Top of DATA RECORDS

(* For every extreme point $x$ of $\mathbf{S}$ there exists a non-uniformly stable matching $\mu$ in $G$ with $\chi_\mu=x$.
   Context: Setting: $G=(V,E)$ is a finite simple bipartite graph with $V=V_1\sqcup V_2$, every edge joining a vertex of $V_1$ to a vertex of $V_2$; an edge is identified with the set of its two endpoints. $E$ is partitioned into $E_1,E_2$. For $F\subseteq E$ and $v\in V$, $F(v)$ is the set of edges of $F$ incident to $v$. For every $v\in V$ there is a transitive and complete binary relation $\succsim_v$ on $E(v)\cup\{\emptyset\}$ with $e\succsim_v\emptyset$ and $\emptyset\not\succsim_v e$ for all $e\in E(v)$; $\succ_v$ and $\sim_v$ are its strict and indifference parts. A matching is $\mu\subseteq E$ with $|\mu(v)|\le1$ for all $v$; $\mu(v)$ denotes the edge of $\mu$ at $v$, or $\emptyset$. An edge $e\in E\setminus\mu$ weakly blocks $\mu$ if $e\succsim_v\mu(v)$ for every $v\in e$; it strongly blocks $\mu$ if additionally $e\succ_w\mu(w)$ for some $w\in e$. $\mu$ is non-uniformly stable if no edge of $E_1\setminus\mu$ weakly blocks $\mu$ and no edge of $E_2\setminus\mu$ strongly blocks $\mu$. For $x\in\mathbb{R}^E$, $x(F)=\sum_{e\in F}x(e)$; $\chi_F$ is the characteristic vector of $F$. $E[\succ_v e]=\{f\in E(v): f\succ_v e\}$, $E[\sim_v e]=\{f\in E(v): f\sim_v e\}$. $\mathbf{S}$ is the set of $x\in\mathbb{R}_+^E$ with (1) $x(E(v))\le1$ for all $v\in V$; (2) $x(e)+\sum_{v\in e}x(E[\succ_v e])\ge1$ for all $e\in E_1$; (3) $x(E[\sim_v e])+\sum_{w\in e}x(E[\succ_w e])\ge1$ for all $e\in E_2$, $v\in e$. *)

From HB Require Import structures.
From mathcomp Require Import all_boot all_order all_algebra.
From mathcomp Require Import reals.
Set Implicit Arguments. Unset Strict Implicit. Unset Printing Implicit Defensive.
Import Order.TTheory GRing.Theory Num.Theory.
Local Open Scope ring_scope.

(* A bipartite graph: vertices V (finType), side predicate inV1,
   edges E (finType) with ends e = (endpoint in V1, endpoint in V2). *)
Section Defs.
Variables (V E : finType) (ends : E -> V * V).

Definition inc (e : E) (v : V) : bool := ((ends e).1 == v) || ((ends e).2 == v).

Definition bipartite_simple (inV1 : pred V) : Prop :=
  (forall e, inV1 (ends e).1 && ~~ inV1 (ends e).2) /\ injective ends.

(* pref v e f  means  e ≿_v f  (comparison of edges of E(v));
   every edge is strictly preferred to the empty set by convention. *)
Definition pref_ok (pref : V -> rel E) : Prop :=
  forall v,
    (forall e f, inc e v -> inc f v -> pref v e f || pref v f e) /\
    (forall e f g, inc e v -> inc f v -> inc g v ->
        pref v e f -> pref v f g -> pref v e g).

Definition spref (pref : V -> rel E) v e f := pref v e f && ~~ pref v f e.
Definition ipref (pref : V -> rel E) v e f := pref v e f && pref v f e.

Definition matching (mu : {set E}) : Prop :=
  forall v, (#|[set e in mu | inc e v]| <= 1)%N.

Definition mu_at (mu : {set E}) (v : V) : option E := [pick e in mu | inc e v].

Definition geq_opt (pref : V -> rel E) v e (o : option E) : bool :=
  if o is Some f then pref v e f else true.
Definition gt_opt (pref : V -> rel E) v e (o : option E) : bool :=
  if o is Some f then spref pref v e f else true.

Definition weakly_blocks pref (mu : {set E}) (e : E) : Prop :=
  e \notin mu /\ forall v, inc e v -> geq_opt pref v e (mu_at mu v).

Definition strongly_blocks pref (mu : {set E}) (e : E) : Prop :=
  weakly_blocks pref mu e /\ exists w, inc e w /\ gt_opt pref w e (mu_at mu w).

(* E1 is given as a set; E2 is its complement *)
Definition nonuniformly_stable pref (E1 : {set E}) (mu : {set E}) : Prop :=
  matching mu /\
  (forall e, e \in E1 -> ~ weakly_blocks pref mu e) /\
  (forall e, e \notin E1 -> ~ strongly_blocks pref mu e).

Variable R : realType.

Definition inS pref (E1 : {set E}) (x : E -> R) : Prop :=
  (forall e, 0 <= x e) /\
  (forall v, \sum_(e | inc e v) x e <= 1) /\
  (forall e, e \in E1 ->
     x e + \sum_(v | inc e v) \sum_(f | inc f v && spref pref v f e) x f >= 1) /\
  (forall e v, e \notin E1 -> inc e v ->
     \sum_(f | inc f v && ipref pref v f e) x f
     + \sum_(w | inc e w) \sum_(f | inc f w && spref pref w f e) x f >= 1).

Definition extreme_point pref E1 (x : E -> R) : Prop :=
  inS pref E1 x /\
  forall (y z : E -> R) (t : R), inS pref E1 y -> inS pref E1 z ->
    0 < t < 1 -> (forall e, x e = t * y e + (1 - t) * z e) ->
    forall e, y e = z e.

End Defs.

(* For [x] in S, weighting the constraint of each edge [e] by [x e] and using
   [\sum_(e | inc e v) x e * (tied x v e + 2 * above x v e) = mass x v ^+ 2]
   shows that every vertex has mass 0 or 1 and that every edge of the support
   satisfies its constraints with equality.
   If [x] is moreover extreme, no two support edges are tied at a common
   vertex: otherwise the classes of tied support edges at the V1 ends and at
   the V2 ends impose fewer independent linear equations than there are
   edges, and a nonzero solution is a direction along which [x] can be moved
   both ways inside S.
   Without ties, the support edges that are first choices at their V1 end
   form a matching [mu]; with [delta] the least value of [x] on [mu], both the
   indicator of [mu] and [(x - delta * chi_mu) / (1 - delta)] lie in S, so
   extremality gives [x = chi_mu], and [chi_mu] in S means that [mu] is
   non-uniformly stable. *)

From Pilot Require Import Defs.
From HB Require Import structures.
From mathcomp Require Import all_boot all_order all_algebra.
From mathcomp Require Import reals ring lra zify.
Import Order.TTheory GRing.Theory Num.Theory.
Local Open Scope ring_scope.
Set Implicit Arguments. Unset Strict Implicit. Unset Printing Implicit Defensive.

Bottom of DATA RECORDS

- YOUR GOAL: Looking at the data above, return every line from the one with "Definition spref (pref" down to the one with "if o is Some f then spref", exactly and inclusively.

- YOUR SOLUTION:
Definition spref (pref : V -> rel E) v e f := pref v e f && ~~ pref v f e.
Definition ipref (pref : V -> rel E) v e f := pref v e f && pref v f e.

Definition matching (mu : {set E}) : Prop :=
  forall v, (#|[set e in mu | inc e v]| <= 1)%N.

Definition mu_at (mu : {set E}) (v : V) : option E := [pick e in mu | inc e v].

Definition geq_opt (pref : V -> rel E) v e (o : option E) : bool :=
  if o is Some f then pref v e f else true.
Definition gt_opt (pref : V -> rel E) v e (o : option E) : bool :=
  if o is Some f then spref pref v e f else true.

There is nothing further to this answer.